Objective To make serial measurements of bacterial DNA and LPS endotoxin in a population of preterm babies and compare those who developed NEC with those who did not.
Methods 16SrRNA Real-time PCR and ELISA were used to detect the presence of bacterial DNA and LPS endotoxin in blood and plasma from infants <31 weeks gestation sampled weekly for 4 weeks from 14 days.
Results Eighty six infants were enrolled [median (range) gestation 26.5 (23–30) weeks and median (range) birth-weight 859 (572–1800) g]; 23 infants (26%) developed NEC (any NEC) of whom 13 (15%) had ≥Bells Stage II NEC.

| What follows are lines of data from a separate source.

Lemma segment_induction (P : R -> Prop) (a b : R) :
  P a ->
  (forall t, a < t <= b -> (forall s, a <= s < t -> P s) -> P t) ->
  (forall t, a <= t < b -> (forall s, a <= s <= t -> P s) ->
    exists2 d, 0 < d & forall s, t < s <= t + d -> P s) ->
  forall t, a <= t <= b -> P t.
Proof.
move=> Pa closedP openP t /andP[a_le_t t_le_b].
pose S := [set t | a <= t <= b /\ forall s, a <= s <= t -> P s].
have Sa : S a.
  split=> [|s /andP[a_le_s s_le_a]]; first by rewrite lexx (le_trans a_le_t).
  by have -> : s = a by apply/eqP; rewrite eq_le s_le_a a_le_s.
have supS : has_sup S by split; [exists a | exists b => s [/andP[]]].
pose c := sup S.
have a_le_c : a <= c by exact: sup_upper_bound.
have c_le_b : c <= b by apply: ge_sup; [exists a | move=> s [/andP[]]].
have below s : a <= s < c -> P s.
  move=> /andP[a_le_s s_lt_c].
  have [x [_ Px] cx] := sup_adherent (ltac:(by rewrite subr_gt0) : 0 < c - s) supS.
  by apply: Px; rewrite a_le_s; move: cx; rewrite /c; lra.
have Pc : P c.
  have [<-|a_ne_c] := eqVneq a c; first exact: Pa.
  by apply: closedP => //; rewrite lt_neqAle a_ne_c a_le_c.
have Sc : S c.
  split=> [|s /andP[a_le_s s_le_c]]; first by rewrite a_le_c.
  have [s_lt_c|c_le_s] := ltP s c; first by apply: below; rewrite a_le_s.
  by have -> : s = c by apply/eqP; rewrite eq_le s_le_c.
have c_eq_b : c = b.
  apply/eqP; rewrite eq_le c_le_b leNgt; apply/negP => c_lt_b.
  have [d d_gt0 Pd] := openP c (ltac:(by rewrite a_le_c)) Sc.2.
  pose e := Num.min d (b - c).
  have e_gt0 : 0 < e by rewrite lt_min d_gt0 subr_gt0.
  have e_le_d : e <= d by rewrite ge_min lexx.
  have e_le_bc : e <= b - c by rewrite ge_min lexx orbT.
  suff /sup_upper_bound : S (c + e) by move=> /(_ supS); rewrite -/c; lra.
  split=> [|s /andP[a_le_s s_le_ce]]; first by apply/andP; split; lra.
  have [s_le_c|c_lt_s] := leP s c; first by apply: Sc.2; rewrite a_le_s.
  by apply: Pd; rewrite c_lt_s; lra.
by apply: Sc.2; rewrite a_le_t c_eq_b.
Qed.

Lemma closed_left_limit (V : topologicalType) (A : set V) (g : R -> V) (a t : R) :
  closed A -> a < t -> {for t, continuous g} ->
  (forall s, a <= s < t -> A (g s)) -> A (g t).
Proof.
move=> closedA a_lt_t g_cont Ag.
apply: (closed_cvg _ closedA _ _ (cvg_at_left_filter g_cont)).
near=> s; apply: Ag; apply/andP; split; last by near: s; exact: nbhs_left_lt.
suff : t - s < t - a by lra.
by near: s; apply: nbhs_left_ltBl; rewrite subr_gt0.
Unshelve. all: by end_near.
Qed.

End real_induction.

Section mean_value_inequality.
Context {R : realType} {W : normedModType R}.
Implicit Types (w dw : R -> W).

Lemma is_derive_continuous w (t : R) D : is_derive t (1 : R) w D -> {for t, continuous w}.
Proof. by case=> w_der _; apply: differentiable_continuous; rewrite -derivable1_diffP. Qed.

Lemma is_derive_increment w (t : R) D e : is_derive t (1 : R) w D -> 0 < e ->
  exists2 d, 0 < d & forall h, 0 < h < d -> `|w (t + h) - w t| <= (`|D| + e) * h.
Proof.
move=> [w_der <-] e_gt0.
move/cvgrPdist_lt : w_der => /(_ e e_gt0) /nbhs_ballP[d d_gt0 near_t].
exists d => // h /andP[h_gt0 h_lt_d].
have := near_t h; rewrite -ball_normE /= sub0r normrN gtr0_norm //.
move=> /(_ h_lt_d (lt0r_neq0 h_gt0)).
set q := h^-1 *: _ => Dq.
have -> : w (t + h) - w t = h *: q.
  rewrite /q scalerA mulfV ?lt0r_neq0 // scale1r /=.
  by rewrite -(addrC t); congr (w (_ + _) - _); rewrite /GRing.scale /= mulr1.
rewrite normrZ gtr0_norm // mulrC ler_wpM2r ?ltW //.
have : `|q| <= `|derive w t 1| + `|derive w t 1 - q|.
  by rewrite -{1}(subKr (derive w t 1) q) ler_normB.
by move/le_lt_trans; apply; rewrite ltrD2l.
Qed.

Lemma mean_value_ineq w dw (a b B : R) : a <= b ->
  (forall t, a <= t <= b -> is_derive t (1 : R) w (dw t)) ->
  (forall t, a <= t <= b -> `|dw t| <= B) ->
  `|w b - w a| <= B * (b - a).
Proof.
move=> a_le_b w_der dw_le.
have [<-|a_ne_b] := eqVneq a b; first by rewrite !subrr normr0 mulr0.
have ba_gt0 : 0 < b - a by rewrite subr_gt0 lt_neqAle a_ne_b.
apply/ler_addgt0Pr => e e_gt0.
have e'_gt0 : 0 < e / (b - a) by rewrite divr_gt0.
pose k := B + e / (b - a).
suff : `|w b - w a| <= k * (b - a) by rewrite /k mulrDl divfK ?gt_eqF.
apply: (@segment_induction _ (fun t => `|w t - w a| <= k * (t - a)) a b);
  last by rewrite a_le_b lexx.
- by rewrite !subrr normr0 mulr0.
- move=> t /andP[a_lt_t t_le_b] IH; rewrite -subr_ge0.
  apply: (closed_left_limit (g := fun s => k * (s - a) - `|w s - w a|)
    (closed_ge (y := 0)) a_lt_t); last by move=> s /IH; rewrite /= subr_ge0.
  have w_cont : {for t, continuous w}.
    by apply: is_derive_continuous (w_der t _); rewrite (ltW a_lt_t).
  apply: (@continuousB _ _ _ (fun s => k * (s - a)) (fun s => `|w s - w a|)).
    apply: (@continuousM _ _ (cst k) (fun s => s - a)); first exact: cvg_cst.
    by apply: (@continuousB _ _ _ id (cst a)); [exact: cvg_id | exact: cvg_cst].
  apply: (continuous_comp (f := fun s => w s - w a)); last exact: norm_continuous.
  by apply: (@continuousB _ _ _ w (cst (w a))) => //; exact: cvg_cst.
- move=> t /andP[a_le_t t_lt_b] IH.
  have t_in : a <= t <= b by rewrite a_le_t ltW.
  have [d d_gt0 incr] := is_derive_increment (w_der t t_in) e'_gt0.
  exists (d / 2) => [|s /andP[t_lt_s s_le]]; first by rewrite divr_gt0.
  have := incr (s - t); rewrite subrKC => /(_ ltac:(apply/andP; split; lra)).
  have := ler_normD (w s - w t) (w t - w a); rewrite addrA subrK.
  have := IH t (ltac:(by rewrite a_le_t lexx)); have := dw_le t t_in.
  have : 0 <= s - t by lra.
  rewrite /k; nra.
Qed.

Lemma lipschitz_of_derive_bound w dw (a b K : R) :
  (forall t, a <= t <= b -> is_derive t (1 : R) w (dw t)) ->
  (forall t, a <= t <= b -> `|dw t| <= K) ->
  forall u v, a <= u <= b -> a <= v <= b -> `|w u - w v| <= K * `|u - v|.
Proof.
move=> w_der dw_le.
suff le_uv u v : a <= u <= b -> a <= v <= b -> v <= u ->
    `|w u - w v| <= K * `|u - v|.
  move=> u v u_in v_in; have [v_le_u|u_lt_v] := leP v u; first exact: le_uv.
  by rewrite distrC (distrC u); apply: le_uv => //; exact: ltW.
move=> /andP[a_le_u u_le_b] /andP[a_le_v v_le_b] v_le_u.
rewrite ger0_norm ?subr_ge0 //.
by apply: mean_value_ineq => // t /andP[? ?]; [apply: w_der | apply: dw_le]; lra.
Qed.

End mean_value_inequality.

Section uniqueness.
Context {R : realType} {V : normedModType R}.
Implicit Types (w dw : R -> V).
Lemma StepFun_glue {a m b : R} (f1 : StepFun a m) (f2 : StepFun m b) : a <= m -> m <= b ->
  { g : StepFun a b | (forall t, t <= m -> g t = f1 t) /\ (forall t, m < t -> g t = f2 t) /\
      RiemannInt_SF g = RiemannInt_SF f1 + RiemannInt_SF f2 }.
Proof.
  intros Ham Hmb.
  set (gf := fun t => if Rle_dec t m then f1 t else f2 t).
  assert (E1 : forall t, Rmin a m < t < Rmax a m -> f1 t = gf t).
  { intros t Ht. rewrite Rmax_right in Ht by lra.
    unfold gf. destruct Rle_dec; [reflexivity | lra]. }
  assert (E2 : forall t, Rmin m b < t < Rmax m b -> f2 t = gf t).
  { intros t Ht. rewrite Rmin_left in Ht by lra.
    unfold gf. destruct Rle_dec; [lra | reflexivity]. }
  set (pr1 := IsStepFun_ext _ _ _ _ (pre f1) E1).
  set (pr2 := IsStepFun_ext _ _ _ _ (pre f2) E2).
  exists (mkStepFun (StepFun_P41 Ham Hmb pr1 pr2)); simpl; split; [|split].
  - intros t Ht. unfold gf. destruct Rle_dec; [reflexivity | lra].
  - intros t Ht. unfold gf. destruct Rle_dec; [lra | reflexivity].
  - rewrite <- (StepFun_P43 pr1 pr2). unfold pr1, pr2. rewrite !RiemannInt_SF_ext.
    destruct f1, f2; reflexivity.
Qed.

(* Bisection halves the sum of (length) * (increment of h) over the pieces. *)
Lemma increasing_step_approx (h : R -> R) (n : nat) : increasing h ->
  forall a b, a <= b ->
  { phi : StepFun a b & { psi : StepFun a b |
      (forall t, a <= t <= b -> Rabs (h t - phi t) <= psi t) /\
      RiemannInt_SF psi <= (b - a) * (h b - h a) / 2 ^ n } }.
Proof.
  intros Hh. induction n as [|n IH]; intros a b Hab.
  - exists (mkStepFun (StepFun_P4 a b (h a))), (mkStepFun (StepFun_P4 a b (h b - h a))).
    split.
    + intros t Ht. simpl. unfold fct_cte.
      assert (h a <= h t) by (apply Hh; lra). assert (h t <= h b) by (apply Hh; lra).
      rewrite Rabs_right; lra.
    + rewrite StepFun_P18. simpl. lra.
  - set (m := (a + b) / 2).
    destruct (IH a m ltac:(unfold m; lra)) as [phi1 [psi1 [Err1 Int1]]].
    destruct (IH m b ltac:(unfold m; lra)) as [phi2 [psi2 [Err2 Int2]]].
    destruct (StepFun_glue phi1 phi2) as [phi [Phi1 [Phi2 _]]]; try (unfold m; lra).
    destruct (StepFun_glue psi1 psi2) as [psi [Psi1 [Psi2 Psi]]]; try (unfold m; lra).
    exists phi, psi. split.
    + intros t Ht. destruct (Rle_dec t m).
      * rewrite Phi1, Psi1 by lra. apply Err1; lra.
      * rewrite Phi2, Psi2 by lra. apply Err2; lra.
    + assert (Split : (b - a) * (h b - h a) / 2 ^ S n =
                      (m - a) * (h m - h a) / 2 ^ n + (b - m) * (h b - h m) / 2 ^ n).
      { unfold m. simpl. field. apply pow_nonzero. lra. }
      lra.
Qed.

Lemma Riemann_integrable_increasing (h : R -> R) a b :
  increasing h -> a <= b -> Riemann_integrable h a b.
Proof.
  intros Hh Hab eps.
  set (K := (b - a) * (h b - h a)).
  assert (HK : 0 <= K) by (apply Rmult_le_pos; [lra | pose proof (Hh a b Hab); lra]).
  destruct (constructive_indefinite_description _ (INR_archimed eps K (cond_pos eps)))
    as [n Hn].
  destruct (increasing_step_approx h n Hh a b Hab) as [phi [psi [Err Int]]].
  exists phi, psi. split.
  - intros t Ht. rewrite Rmin_left, Rmax_right in Ht by lra. auto.
  - assert (Hpsi : 0 <= RiemannInt_SF psi).
    { rewrite <- (Rmult_0_l (b - a)), <- (StepFun_P18 a b 0).
      apply StepFun_P37; [assumption|]. intros t Ht. simpl. unfold fct_cte.
      apply Rle_trans with (Rabs (h t - phi t)); [apply Rabs_pos | apply Err; lra]. }
    assert (Hpow : INR n <= 2 ^ n).
    { clear. induction n as [|n IH]; [simpl; lra|]. rewrite S_INR. simpl.
      pose proof (pow_R1_Rle 2 n ltac:(lra)). lra. }
    assert (K / 2 ^ n < eps).
    { apply Rmult_lt_reg_r with (2 ^ n); [apply pow_lt; lra|].
      unfold Rdiv. rewrite Rmult_assoc, Rinv_l, Rmult_1_r by (apply pow_nonzero; lra).
      pose proof (cond_pos eps). nra. }
    rewrite Rabs_right; unfold K in *; lra.
Qed.

(** * Expectations as integrals of quantile functions *)

Lemma Rint01_RiemannInt g (pr : Riemann_integrable g 0 1) : Rint01 g = RiemannInt pr.
Proof.
  unfold Rint01.
  destruct (epsilon_spec (inhabits 0)
    (fun I => exists pr : Riemann_integrable g 0 1, RiemannInt pr = I)
    (ex_intro _ _ (ex_intro _ pr eq_refl))) as [pr' <-].
  apply RiemannInt_P5.
Qed.

Lemma Rint01_lin g1 g2 l : Riemann_integrable g1 0 1 -> Riemann_integrable g2 0 1 ->
  Rint01 (fun u => g1 u + l * g2 u) = Rint01 g1 + l * Rint01 g2.
Proof.
  intros pr1 pr2.
  rewrite (Rint01_RiemannInt _ (RiemannInt_P10 l pr1 pr2)),
    (Rint01_RiemannInt _ pr1), (Rint01_RiemannInt _ pr2).
  apply RiemannInt_P13.
Qed.

Lemma Rint01_le g1 g2 : Riemann_integrable g1 0 1 -> Riemann_integrable g2 0 1 ->
  (forall u, 0 < u < 1 -> g1 u <= g2 u) -> Rint01 g1 <= Rint01 g2.
Proof.
  intros pr1 pr2 Hle. rewrite (Rint01_RiemannInt _ pr1), (Rint01_RiemannInt _ pr2).
  apply RiemannInt_P19; auto; lra.
Qed.
Section Hilbert.
Variable R : realType.
Notation C := (R[i]).
Variable V : lmodType C.
Variable ip : V -> V -> C.

Definition is_inner_product : Prop :=
  [/\ forall (a : C) (x y z : V), ip (a *: x + y) z = a * ip x z + ip y z,
      forall x y : V, ip x y = (ip y x)^*,
      forall x : V, 0 <= ip x x
    & forall x : V, ip x x = 0 -> x = 0].

Definition dist2 (x y : V) : C := ip (x - y) (x - y).

Definition ip_complete : Prop :=
  forall f : nat -> V,
    (forall eps : C, 0 < eps -> exists N, forall m n, (N <= m)%N -> (N <= n)%N ->
       dist2 (f m) (f n) < eps) ->
    exists x : V, forall eps : C, 0 < eps -> exists N, forall n, (N <= n)%N ->
       dist2 (f n) x < eps.

Definition in_span (S : V -> Prop) (w : V) : Prop :=
  exists n (c : 'I_n -> C) (v : 'I_n -> V),
    (forall i, S (v i)) /\ w = \sum_(i < n) c i *: v i.

Definition in_closed_span (S : V -> Prop) (w : V) : Prop :=
  forall eps : C, 0 < eps -> exists v, in_span S v /\ dist2 w v < eps.

Definition ortho_closed_span (S : V -> Prop) (z : V) : Prop :=
  forall w, in_closed_span S w -> ip w z = 0.
End Hilbert.

(* A product system: a family (E_t)_{t>0} of complex Hilbert spaces together
   with the maps x \otimes y := W_{s,t}^{-1}(x (x) y) : E_s x E_t -> E_{s+t}.
   W_{s,t} being a unitary onto the Hilbert tensor product is encoded by:
   bilinearity, <x(x)y, x'(x)y'> = <x,x'><y,y'>, and density of the span of
   elementary tensors; associativity of W is encoded by (x(x)y)(x)z = x(x)(y(x)z). *)
Record product_system (R : realType) := ProductSystem {
  PE : R -> lmodType (R[i]);
  Pip : forall t, PE t -> PE t -> R[i];
  Ptens : forall s t, PE s -> PE t -> PE (s + t);
  Pip_inner : forall t : R, 0 < t -> is_inner_product (@Pip t);
  Pcomplete : forall t : R, 0 < t -> ip_complete (@Pip t);
  Ptens_linl : forall s t : R, 0 < s -> 0 < t -> forall (a : R[i]) (x x' : PE s) (y : PE t),
     Ptens (a *: x + x') y = a *: Ptens x y + Ptens x' y;
  Ptens_linr : forall s t : R, 0 < s -> 0 < t -> forall (a : R[i]) (x : PE s) (y y' : PE t),
     Ptens x (a *: y + y') = a *: Ptens x y + Ptens x y';
  Ptens_ip : forall s t : R, 0 < s -> 0 < t -> forall (x x' : PE s) (y y' : PE t),
     Pip (Ptens x y) (Ptens x' y') = Pip x x' * Pip y y';
  Ptens_dense : forall s t : R, 0 < s -> 0 < t -> forall w : PE (s + t),
     in_closed_span (@Pip (s + t)) (fun v => exists x y, v = Ptens x y) w;
  Ptens_assoc : forall r s t : R, 0 < r -> 0 < s -> 0 < t ->
     forall (x : PE r) (y : PE s) (z : PE t),
     @castE R PE _ _ (addrA r s t) (Ptens x (Ptens y z)) = Ptens (Ptens x y) z
}.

Bacterial DNA was detected in 5 infants, 3 of whom subsequently developed NEC. Babies with bacterial DNA were more likely to have ≥Bells Stage II NEC (p = 0.03) but not to have any NEC.
Fourteen babies were positive for LPS, 7 of whom developed NEC. LPS endotoxinaemia was associated with development of any NEC (p = 0.04) but not with ≥Bells StageII NEC.
Only 2 babies were positive for both16S rRNA and LPS all of whom developed ≥Bells Stage II NEC.
Conclusion Circulating bacterial DNA and endotoxin, probably entering the blood stream via the intestinal wall, were detected in a cohort of preterm babies and associated with the subsequent development of NEC.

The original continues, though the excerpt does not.